Real education reform would institute tuition tax credits, whereby individuals spend their own money on education and their taxes are decreased by that amount. Of course, such a plan doesn't have the "altruistic" justification of sacrificing some members of society for the sake of the poor--but the notion that the poor are entitled to an education at public expense is a big reason why we're in this mess to begin with.May 1, 2003 | Dollars & Crosses, Dollars & Crosses 2
Americans are already used to socialist celebrities prancing about the country lamenting the fact that "regular people" don't care about the inane viewpoints of someone who once played a smart person on television.

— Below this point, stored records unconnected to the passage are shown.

(* Divide f repeatedly by the linear factors X - kp:
   q_0 = f and q_k = q_(k+1) (X - kp) + c_k with c_k = q_k(kp).  Unfolding
   the recursion gives the Newton expansion f = q_k G_k + sum_(h<k) c_h G_h,
   where the term h = 0 is f(0); this is the displayed identity, and the
   degrees follow because X - kp is monic.
   The arithmetic core is a description of Q_n by values:  f is in Q_n iff
   p^n divides f(jp) for every j (x - y divides g(x) - g(y)).  Since
   G_h(jp) = j^_h p^h vanishes for j < h and is divisible by
   h! p^h, whose p-part is p^(v_p((ph)!)) by Legendre, evaluating the
   expansion at kp and inducting on k gives  p^n | c_k p^(v_p((pk)!)),
   which is (i).  Scaled Newton polynomials c_h G_h are then in Q_n by the
   value criterion, and, when h < p (so v_p((ph)!) = h), in M^n by a
   coefficient criterion: a polynomial whose i-th coefficient is divisible
   by p^(n-i) for every i < n lies in M^n, and the i-th coefficient of G_h
   is divisible by p^(h-i).  Both criteria are stable under sums, giving (ii)
   and (iii). *)

Lemma logn_fact_pmulD p h a : prime p -> (a < p)%N ->
  logn p (p * h + a)`! = logn p (p * h)`!.
Proof.
move=> pp; elim: a => [|a IH] ha; first by rewrite addn0.
rewrite addnS factS lognM ?fact_gt0 // IH ?(ltnW ha) // logn_coprime //.
by rewrite prime_coprime // -addnS dvdn_addr ?dvdn_mulr // gtnNdvd.
Qed.

Lemma logn_fact_pmul p h : prime p -> logn p (p * h)`! = (h + logn p h`!)%N.
Proof.
move=> pp; have p_gt0 := prime_gt0 pp.
elim: h => [|h IH]; first by rewrite muln0.
have split_last : (p * h.+1 = (p * h + p.-1).+1)%N by rewrite mulnS; lia.
rewrite split_last factS lognM ?fact_gt0 //.
rewrite logn_fact_pmulD ?prednK ?ltn_predL //.
rewrite -split_last lognM // (logn_prime _ pp) eqxx IH.
by rewrite factS (lognM _ (ltn0Sn h)) ?fact_gt0 //; lia.
Qed.

Lemma logn_fact_pmul_small p h : prime p -> (h < p)%N -> logn p (p * h)`! = h.
Proof.
move=> pp hp; rewrite logn_fact_pmul // logn_fact // big1_seq ?addn0 // => i.
rewrite mem_index_iota => /andP [_ /andP [i_gt0 _]].
by apply: divn_small; apply: leq_trans hp (leq_pexp2l (prime_gt0 pp) i_gt0).
Qed.

(* The p-part of h! p^h, which is the leading value G_h(hp). *)
Lemma logn_fact_expn p h : prime p -> logn p (h`! * p ^ h) = logn p (p * h)`!.
Proof.
move=> pp; rewrite logn_fact_pmul // lognM ?fact_gt0 ?expn_gt0 ?prime_gt0 //.
by rewrite pfactorK // addnC.
Qed.

Lemma dvdz_pexp_shift p n k i (c : int) : (0 < p)%N -> (i < n)%N ->
  ((p ^ n)%N%:Z %| c * (p ^ k)%N%:Z)%Z ->
  ((p ^ (n - i))%N%:Z %| c * (p ^ (k - i))%N%:Z)%Z.
Proof.
move=> p_gt0 lt_in dvd_n.
have pi_neq0 : (p ^ i)%N%:Z != 0 by rewrite eqz_nat -lt0n expn_gt0 p_gt0.
have split_n : (p ^ n)%N%:Z = (p ^ (n - i))%N%:Z * (p ^ i)%N%:Z.
  by rewrite -PoszM -expnD subnK // ltnW.
have exchange : c * (p ^ (k - i))%N%:Z * (p ^ i)%N%:Z
              = c * (p ^ k)%N%:Z * (p ^ (i - k))%N%:Z.
  rewrite -mulrA -PoszM -expnD -mulrA -PoszM -expnD.
  by congr (c * (p ^ _)%N%:Z); lia.
by rewrite -(dvdz_mul2r pi_neq0) -split_n exchange dvdz_mulr.
Qed.

Section LinearDivision.
Variable R : comNzRingType.

Lemma linear_division_ex (g : {poly R}) (a : R) :
  exists t : {poly R}, g - (g.[a])%:P == t * ('X - a%:P).
Proof.
have /factor_theorem [t ->] : root (g - (g.[a])%:P) a.
  by rewrite /root !hornerE subrr.
by exists t.
Qed.

Definition linear_quot (g : {poly R}) (a : R) : {poly R} :=
  xchoose (linear_division_ex g a).

Lemma linear_quotE (g : {poly R}) (a : R) :
  g = linear_quot g a * ('X - a%:P) + (g.[a])%:P.
Proof.
by rewrite /linear_quot -(eqP (xchooseP (linear_division_ex g a))) addrNK.
Qed.

End LinearDivision.
Arguments linear_quot {R} g a.
Arguments linear_quotE {R} g a.

Lemma horner_sub_dvdz (g : {poly int}) (x y : int) : (x - y %| g.[x] - g.[y])%Z.
Proof. by rewrite {1}(linear_quotE g y) !hornerE addrK dvdz_mull. Qed.

Fixpoint newton_quot (f : {poly int}) (p k : nat) : {poly int} :=
  if k is k'.+1 then linear_quot (newton_quot f p k') (k' * p)%N%:Z else f.
(* Keep q_(k+1) folded, so that it stays a single unknown for ring. *)
Arguments newton_quot : simpl never.

Definition newton_coef (f : {poly int}) (p k : nat) : int :=
  (newton_quot f p k).[(k * p)%N%:Z].

Lemma newton_quotS f p k :
  newton_quot f p k
  = newton_quot f p k.+1 * ('X - ((k * p)%N%:Z)%:P) + (newton_coef f p k)%:P.
Proof. exact: linear_quotE. Qed.

Lemma G0 p : G p 0 = 1.
Proof. by rewrite /G big_ord0. Qed.

Lemma GS p k : G p k.+1 = G p k * ('X - ((k * p)%N%:Z)%:P).
Proof. by rewrite /G big_ord_recr. Qed.

Lemma newton_expansion f p k :
  f = newton_quot f p k * G p k + \sum_(h < k) newton_coef f p h *: G p h.
Proof.
elim: k => [|k IH]; first by rewrite G0 big_ord0 mulr1 addr0.
rewrite big_ord_recr /= GS {1}IH {1}(newton_quotS f p k) -mul_polyC.
ring.
Qed.

Lemma Rpoly_newton f p k : (1 <= k)%N ->
  Rpoly f (newton_quot f p) p k = \sum_(h < k) newton_coef f p h *: G p h.
Proof.
move=> k_gt0; rewrite /Rpoly.
rewrite -(big_mkord xpredT (fun h => newton_coef f p h *: G p h)).
by rewrite (big_ltn k_gt0) G0 /newton_coef mul0n alg_polyC.
Qed.

(* Each division by the monic X - kp lowers the size by one. *)
Lemma size_newton_quot (p m : nat) (f : {poly int}) : size f = m.+1 ->
  forall k, (k <= m)%N -> size (newton_quot f p k) = (m - k).+1.
Proof.
move=> size_f; elim => [|k IH] le_km; first by rewrite subn0.
have size_k := IH (ltnW le_km).
have size_sub : size (newton_quot f p k - (newton_coef f p k)%:P) = (m - k).+1.
  rewrite size_polyDl size_k // size_polyN.
  by rewrite (leq_ltn_trans (size_polyC_leq1 _)) //; lia.
have quot_eq : newton_quot f p k - (newton_coef f p k)%:P
               = newton_quot f p k.+1 * ('X - ((k * p)%N%:Z)%:P).
  by rewrite {1}(newton_quotS f p k) addrK.
have quot_neq0 : newton_quot f p k.+1 != 0.
  by apply/eqP => quot0; move: size_sub; rewrite quot_eq quot0 mul0r size_poly0.
move: size_sub; rewrite quot_eq size_Mmonic ?monicXsubC // size_XsubC.
lia.
Qed.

But now, they're telling those "regular people" to shut-up, and they're threatening to petition Uncle Sam (the guy with all of those banned "assault weapons") if America doesn't comply.In a letter dated 28 April 2003, the William Morris Agency sent a "cease-and-desist" letter to the "Boycott Hollywood" website. Apparently, some of William Morris' clients don't like what those regular folk have to say about them.Rumors that Susan Sarandon is petitioning to modify the first amendment to read "the famous people" are entirely unsubstantiated, but I don't mind spreading them anyway.[Because the Boycott Hollywood website may soon go offline, a copy of the William Morris letter can be found here. And yes, the server is slow. Just deal.]